**Directions for this task:** The number of lines containing "Require" is the only answer wanted; work it out from the entries below.

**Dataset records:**

· · · ·

(* Let $\lambda>0$ be a constant and define $V,W:[1,\infty)\to\mathbb R$ by $$V(f)=\frac{\pi}{2^{1/2}}+\lambda(f-1)^{3/2},\qquad W(f)=V(f)^2-\log(4V(f)^2)-f.$$ Suppose that for some fixed $f_1>1$: (a) $0<\lambda<\dfrac{2J(f_1)}{3(f_1-1)}$; (b) $W(f_1)>0$; (c) $W'(f_1)<0$. Then, writing $\beta=\beta(f_0)$, we have $\beta^2-\log(4\beta^2)-f_0>0$ for all $1<f_0<f_1$.
   Context: Let $f(\phi)=e^\phi-\phi$; for $f_1\ge1$ let $\phi_*(f_1)\le0\le\phi^*(f_1)$ be the two solutions of $f(\phi)=f_1$, and $\beta(f_0)=\frac12\int_{\phi_*(f_0)}^{\phi^*(f_0)}\frac{d\phi}{\sqrt{f_0-f(\phi)}}$. For $f>1$ let $h^*(f)>1$ and $h_*(f)\in(0,1)$ be the two solutions $h$ of $h-\log h=f$, and set $J(f)=\frac1{h^*(f)-1}+\frac1{1-h_*(f)}-\big(\frac2{f-1}\big)^{1/2}$. *)

From Stdlib Require Import Reals ClassicalEpsilon.
From Coquelicot Require Import Coquelicot.
Open Scope R_scope.

Definition fpot (phi : R) : R := exp phi - phi.

(* For f1 >= 1: the two solutions phi_* <= 0 <= phi^* of fpot phi = f1
   (each is unique, so the choice operator picks exactly it). *)
Definition phi_lo (f1 : R) : R :=
  epsilon (inhabits 0) (fun p => p <= 0 /\ fpot p = f1).
Definition phi_hi (f1 : R) : R :=
  epsilon (inhabits 0) (fun p => 0 <= p /\ fpot p = f1).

· · · ·

**Answer box:** 2